Ni siquiera él sabía qué había hecho sonar la alarma en su cabeza. Ése no era el primer grupito de juerguistas que había visto levantarse y desenvainar las armas, ya fuese para batirse en plan de broma o iniciar una pelea que no tenía nada que ver con el embozado varón que derrotaba a cualquiera que jugara a sava con él. De hecho, en El Joyero era muy habitual oír el áspero ruido de las espadas al ser desenvainadas. A simple vista ese cuarteto no era distinto, pero una voz interior advertía a Ryld que sí lo era. Efectivamente, los cuatro se dirigieron directamente hacia Ryld y su adversario, aún absorto en el juego, a través de la fragante neblina de incienso. Otros parroquianos percibieron asimismo el propósito de los espadachines y rápidamente se apartaron.
Una espada de adamantina que despedía un rojo resplandor, tal vez un espíritu prisionero, efectuó un veloz barrido horizontal por encima del tablero.

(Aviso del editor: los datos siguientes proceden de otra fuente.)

Lemma partial_hadamard_mulmx_adj m n (H : 'M[C]_(m, n)) :
  partial_hadamard H -> H *m adj H = n%:R%:M.
Proof.
move=> [H1 Horth]; apply/matrixP => i j; rewrite mulmx_adjE !mxE.
have [<-|ij] := eqVneq i j; last by rewrite Horth.
rewrite /rdot (eq_bigr (fun _ => 1)) ?sumr_const ?card_ord //.
by move=> l _; rewrite !mxE mul_conjC_norm1.
Qed.

Lemma mulmx_adj_partial_hadamard m n (A : 'M[C]_(m, n)) (c : C) :
  (forall i j, `|A i j| = 1) -> A *m adj A = c%:M -> partial_hadamard A.
Proof.
by move=> A1 AA; split=> // i j ij; rewrite -mulmx_adjE AA mxE (negPf ij) mulr0n.
Qed.

Lemma adj_mulmx_scalar m (A : 'M[C]_m) (c : C) :
  c != 0 -> A *m adj A = c%:M -> adj A *m A = c%:M.
Proof.
move=> c0 AA; have : A *m (c^-1 *: adj A) = 1%:M.
  by rewrite -scalemxAr AA scale_scalar_mx mulVf.
move/mulmx1C; rewrite -scalemxAl => h.
by rewrite -[LHS]scale1r -(mulfV c0) -scalerA h scale_scalar_mx mulr1.
Qed.

Variable m : nat.
Hypothesis m_gt0 : (0 < m)%N.
Variable A : 'M[C]_m.
Hypothesis A_had : partial_hadamard A.

Let m_neq0 : m%:R != 0 :> C. Proof. by rewrite pnatr_eq0 -lt0n. Qed.
Let unitA i l : A i l * (A i l)^* = 1. Proof. exact/mul_conjC_norm1/A_had.1. Qed.

Lemma hadamard_col_orth k l : \sum_i (A i k)^* * A i l = (k == l)%:R * m%:R.
Proof.
have := congr1 (fun M : 'M_m => M k l) (adj_mulmx_scalar m_neq0 (partial_hadamard_mulmx_adj A_had)).
by rewrite !mxE mulr_natl => <-; apply: eq_bigr => i _; rewrite mxE.
Qed.

Lemma rdiv_rowE i j p : rdiv (row i A) (row j A) 0 p = A i p * (A j p)^*.
Proof.
by rewrite !mxE invC_norm A_had.1 expr1n invr1 mul1r.
Qed.

Lemma rdot_rdiv_row i j k l :
  rdot (rdiv (row i A) (row j A)) (rdiv (row k A) (row l A)) =
  \sum_p (A i p * (A k p)^*) * ((A j p)^* * A l p).
Proof.
apply: eq_bigr => p _; rewrite !rdiv_rowE rmorphM /= conjCK; ring.
Qed.

Definition hadamard_magic i j := Proj (rdiv (row i A) (row j A)).
(* The class of trivial extensions is Morita invariant: if $A/B$ is a trivial extension and $A/B$ is Morita equivalent to $A'/B'$, then $A'/B'$ is a trivial extension.
   Context: All rings have identity, subrings contain the identity, modules are unital; a ring extension $A/B$ means $B$ is a subring of $A$. $A/B$ is a trivial extension if there is a $B$-$B$-bimodule $S$ with $A=B\oplus S$ and multiplication $(b,s)(c,t)=(bc,bt+sc)$. For bimodules ${}_AX_{A'}$, ${}_AY_{A'}$, write $X\mid Y$ if $X$ is isomorphic to a direct summand of a finite direct sum of copies of $Y$, and $X\sim Y$ if $X\mid Y$ and $Y\mid X$. $\mathrm{End}^r({}_AM)$ denotes the ring of left $A$-endomorphisms of $M$ acting on the right. A bimodule ${}_AM_{A'}$ is a Morita module if ${}_AM\sim{}_AA$ and $\mathrm{End}^r({}_AM)=A'$. Ring extensions $A/B$ and $A'/B'$ are Morita equivalent if there exist Morita modules ${}_AM_{A'}$ and ${}_BN_{B'}$ with ${}_AA\otimes_BN_{B'}\cong{}_AM_{B'}$. A class $\mathscr C$ of ring extensions is Morita invariant if whenever $A/B\in\mathscr C$ and $A/B$ is Morita equivalent to $A'/B'$, then $A'/B'\in\mathscr C$. *)

From HB Require Import structures.
From mathcomp Require Import all_boot all_order all_algebra.
Set Implicit Arguments. Unset Strict Implicit. Unset Printing Implicit Defensive.
Import GRing.Theory.
Local Open Scope ring_scope.

(* Rings are [pzRingType]s (associative, with identity; the zero ring allowed).
   A ring extension A/B is given by an injective (unital) ring morphism
   i : B -> A, identifying B with the subring i(B) of A. *)

Definition is_bimod (R S : pzRingType) (X : zmodType)
    (l : R -> X -> X) (r : X -> S -> X) : Prop :=
  (forall a x y, l a (x + y) = l a x + l a y) /\
  (forall a b x, l (a + b) x = l a x + l b x) /\
  (forall x, l 1 x = x) /\
  (forall a b x, l (a * b) x = l a (l b x)) /\
  (forall s x y, r (x + y) s = r x s + r y s) /\
  (forall s t x, r x (s + t) = r x s + r x t) /\
  (forall x, r x 1 = x) /\
  (forall s t x, r x (s * t) = r (r x s) t) /\
  (forall a x s, l a (r x s) = r (l a x) s).

Definition lhom (R : pzRingType) (X Y : zmodType)
    (lX : R -> X -> X) (lY : R -> Y -> Y) (f : X -> Y) : Prop :=
  (forall x y, f (x + y) = f x + f y) /\ (forall a x, f (lX a x) = lY a (f x)).

(* _R X | _R Y : X is isomorphic to a direct summand of Y^n for some n, i.e.
   there is a split monomorphism X -> Y^n of left R-modules, written out
   componentwise: maps f_i : X -> Y, g_i : Y -> X with sum_i g_i o f_i = id. *)
Definition ldivides (R : pzRingType) (X Y : zmodType)
    (lX : R -> X -> X) (lY : R -> Y -> Y) : Prop :=
  exists (n : nat) (f : 'I_n -> X -> Y) (g : 'I_n -> Y -> X),
    (forall k, lhom lX lY (f k)) /\ (forall k, lhom lY lX (g k)) /\
    (forall x, \sum_(k < n) g k (f k x) = x).

Definition lsim (R : pzRingType) (X Y : zmodType)
    (lX : R -> X -> X) (lY : R -> Y -> Y) : Prop :=
  ldivides lX lY /\ ldivides lY lX.

(* _R X_S is a Morita module: _R X ~ _R R, and End^r(_R X) = S, i.e. the
   canonical ring map S -> End^r(_R X), s |-> (x |-> x s), is bijective. *)
Definition morita_module (R S : pzRingType) (X : zmodType)
    (l : R -> X -> X) (r : X -> S -> X) : Prop :=
  is_bimod l r /\
  lsim l (fun a b : R => a * b) /\
  (forall f : X -> X, lhom l l f -> exists! s : S, forall x, f x = r x s).

(* _A A (x)_B N_{B'} is isomorphic to _A M_{B'}: there is a B-balanced
   biadditive map beta : A x N -> M making (M, beta) a tensor product of
   A_B and _B N (universal property), and such that the induced
   isomorphism A (x)_B N -> M, a (x) n |-> beta a n, is A-B'-linear. *)
Definition tensor_iso (A B B' : pzRingType) (i : {rmorphism B -> A})
    (N : zmodType) (lN : B -> N -> N) (rN : N -> B' -> N)
    (M : zmodType) (lM : A -> M -> M) (rM : M -> B' -> M) : Prop :=
  exists beta : A -> N -> M,
    (forall a n1 n2, beta a (n1 + n2) = beta a n1 + beta a n2) /\
    (forall a1 a2 n, beta (a1 + a2) n = beta a1 n + beta a2 n) /\
    (forall a b n, beta (a * i b) n = beta a (lN b n)) /\
    (forall a1 a n, beta (a1 * a) n = lM a1 (beta a n)) /\
    (forall a n b', beta a (rN n b') = rM (beta a n) b') /\
    (forall (P : zmodType) (phi : A -> N -> P),
        (forall a n1 n2, phi a (n1 + n2) = phi a n1 + phi a n2) ->
        (forall a1 a2 n, phi (a1 + a2) n = phi a1 n + phi a2 n) ->
        (forall a b n, phi (a * i b) n = phi a (lN b n)) ->
        exists! h : M -> P,
          (forall x y, h (x + y) = h x + h y) /\
          (forall a n, h (beta a n) = phi a n)).

Definition morita_equiv_ext (A B A' B' : pzRingType)
    (i : {rmorphism B -> A}) (i' : {rmorphism B' -> A'}) : Prop :=
  exists (M : zmodType) (lM : A -> M -> M) (rM : M -> A' -> M)
         (N : zmodType) (lN : B -> N -> N) (rN : N -> B' -> N),
    morita_module lM rM /\ morita_module lN rN /\
    tensor_iso i lN rN lM (fun x b' => rM x (i' b')).

(* A/B is a trivial extension: A = i(B) (+) S for a sub-i(B)-i(B)-bimodule S
   of A with S * S = 0 (so that (b,s)(c,t) = (bc, bt + sc)). *)
Definition trivial_ext (A B : pzRingType) (i : {rmorphism B -> A}) : Prop :=
  exists S : A -> Prop,
    S 0 /\
    (forall x y, S x -> S y -> S (x - y)) /\
    (forall b x, S x -> S (i b * x)) /\
    (forall b x, S x -> S (x * i b)) /\
    (forall x y, S x -> S y -> x * y = 0) /\
    (forall a, exists! p : B * A, S p.2 /\ a = i p.1 + p.2).

Set Warnings "-notation-overridden,-ambiguous-paths".
From mathcomp Require Import all_boot all_order all_algebra.
From Stdlib Require Import ClassicalEpsilon.
Set Implicit Arguments. Unset Strict Implicit. Unset Printing Implicit Defensive.
Import GRing.Theory.
Local Open Scope ring_scope.

(* A/B is a trivial extension exactly when the inclusion has a B-B-bimodule
   retraction p : A -> B whose kernel squares to zero.  With M = A (x)_B N,
   such a p induces the projection pi : a (x) n |-> p(a) n of M onto N, split
   by n |-> 1 (x) n.  Under A' = End(_A M) and B' = End(_B N), the map
   a' |-> pi((1 (x) -) a') is a retraction A' -> B'; its kernel S' is the
   required complement.  Since ker p annihilates ker pi, each element of S'
   kills ker pi, so a product of two elements of S' acts as 0 on M, hence
   is 0. *)

Section Additive.
Variables (X Y : zmodType) (f : X -> Y).
Hypothesis fD : {morph f : x y / x + y}.

Lemma morph_add0 : f 0 = 0.
Proof. by apply: (addrI (f 0)); rewrite -fD !addr0. Qed.

Lemma morph_addB x y : f (x - y) = f x - f y.
Proof. by apply: (addIr (f y)); rewrite -fD !subrK. Qed.

End Additive.

Section Bimodule.
Variables (R S : pzRingType) (X : zmodType) (l : R -> X -> X) (r : X -> S -> X).
Hypothesis bim : is_bimod l r.

Lemma actlDr a : {morph l a : x y / x + y}.
Proof. by move=> *; have [H _] := bim; apply: H. Qed.

Lemma actlDl x : {morph l^~ x : a b / a + b}.
Proof. by move=> *; have [_ [H _]] := bim; apply: H. Qed.

Lemma actl1 x : l 1 x = x.
Proof. by move=> *; have [_ [_ [H _]]] := bim; apply: H. Qed.

Lemma actlA a b x : l (a * b) x = l a (l b x).
Proof. by move=> *; have [_ [_ [_ [H _]]]] := bim; apply: H. Qed.

Lemma actrDl s : {morph r^~ s : x y / x + y}.
Proof. by move=> *; have [_ [_ [_ [_ [H _]]]]] := bim; apply: H. Qed.

Lemma actrDr x : {morph r x : s t / s + t}.
Proof. by move=> *; have [_ [_ [_ [_ [_ [H _]]]]]] := bim; apply: H. Qed.

Lemma actrA x s t : r x (s * t) = r (r x s) t.
Proof. by move=> *; have [_ [_ [_ [_ [_ [_ [_ [H _]]]]]]]] := bim; apply: H. Qed.

Lemma actlrA a x s : l a (r x s) = r (l a x) s.
Proof. by move=> *; have [_ [_ [_ [_ [_ [_ [_ [_ H]]]]]]]] := bim; apply: H. Qed.

Lemma actl0r a : l a 0 = 0.
Proof. exact: morph_add0 (actlDr a). Qed.

Lemma actl0l x : l 0 x = 0.
Proof. exact: morph_add0 (actlDl x). Qed.

Lemma actr0l s : r 0 s = 0.
Proof. exact: morph_add0 (actrDl s). Qed.

Lemma actr0r x : r x 0 = 0.
Proof. exact: morph_add0 (actrDr x). Qed.

Lemma actlBl x a b : l (a - b) x = l a x - l b x.
Proof. exact: morph_addB (actlDl x) a b. Qed.

Lemma actrBr x s t : r x (s - t) = r x s - r x t.
Proof. exact: morph_addB (actrDr x) s t. Qed.

End Bimodule.

Lemma morita_module_faithful (R S : pzRingType) (X : zmodType)
    (l : R -> X -> X) (r : X -> S -> X) (s : S) :
  morita_module l r -> (forall x, r x s = 0) -> s = 0.
Proof.
move=> [bim [_ endX]] rs0.
have zero_lhom : lhom l l (fun _ => 0).
  by split=> [x y | a x]; rewrite ?addr0 ?(actl0r bim).
have [t [_ t_uniq]] := endX _ zero_lhom.
by rewrite -(t_uniq s (fun x => esym (rs0 x))) (t_uniq 0 (fun x => esym (actr0r bim x))).
Qed.

Section TrivialExtRetraction.
Variables (A B : pzRingType) (i : {rmorphism B -> A}) (S : A -> Prop).
Hypotheses (S0 : S 0) (SB : forall x y, S x -> S y -> S (x - y)).
Hypotheses (SMl : forall b x, S x -> S (i b * x)) (SMr : forall b x, S x -> S (x * i b)).
Hypothesis Sdec : forall a, exists! q : B * A, S q.2 /\ a = i q.1 + q.2.

Definition bproj (a : A) : B :=
  (proj1_sig (constructive_indefinite_description _ (Sdec a))).1.

Lemma bproj_eq a b s : S s -> a = i b + s -> bproj a = b.
Proof.
rewrite /bproj; case: constructive_indefinite_description => q [_ q_uniq] /= Ss E.
by rewrite (q_uniq (b, s)).
Qed.

Lemma bproj_subS a : S (a - i (bproj a)).
Proof.
rewrite /bproj; case: constructive_indefinite_description => [[b s] [[Ss E] _]] /=.
by rewrite {1}E addrC addKr.
Qed.

Lemma bprojE a : a = i (bproj a) + (a - i (bproj a)).
Proof. by rewrite addrC subrK. Qed.

Lemma SD x y : S x -> S y -> S (x + y).
Proof. by move=> Sx Sy; have := SB Sx (SB S0 Sy); rewrite sub0r opprK. Qed.

Lemma bprojD : {morph bproj : x y / x + y}.
Proof.
move=> x y; apply: bproj_eq (SD (bproj_subS x) (bproj_subS y)) _.
by rewrite rmorphD addrACA -!bprojE.
Qed.

Lemma bprojMl b a : bproj (i b * a) = b * bproj a.
Proof.
apply: bproj_eq (SMl b (bproj_subS a)) _.
by rewrite rmorphM -mulrDr -bprojE.
Qed.

Lemma bprojMr a b : bproj (a * i b) = bproj a * b.
Proof.
apply: bproj_eq (SMr b (bproj_subS a)) _.
by rewrite rmorphM -mulrDl -bprojE.
Qed.

Lemma bproj1 : bproj 1 = 1.
Proof. by apply: bproj_eq S0 _; rewrite rmorph1 addr0. Qed.

Lemma bproj_eq0 x : bproj x = 0 -> S x.
Proof. by move=> px0; have := bproj_subS x; rewrite px0 rmorph0 subr0. Qed.

End TrivialExtRetraction.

Ryld la agarró y la apartó antes de que tumbara las piezas de sava o desordenara los alineados montones de monedas que llevaba ganadas. Pese a que la espada era tan afilada como sólo podía serlo un arma encantada, el guerrero logró asirla sin cortarse la mano. El escuálido rival, arrancado bruscamente de su ensueño, miró a su alrededor con alarma.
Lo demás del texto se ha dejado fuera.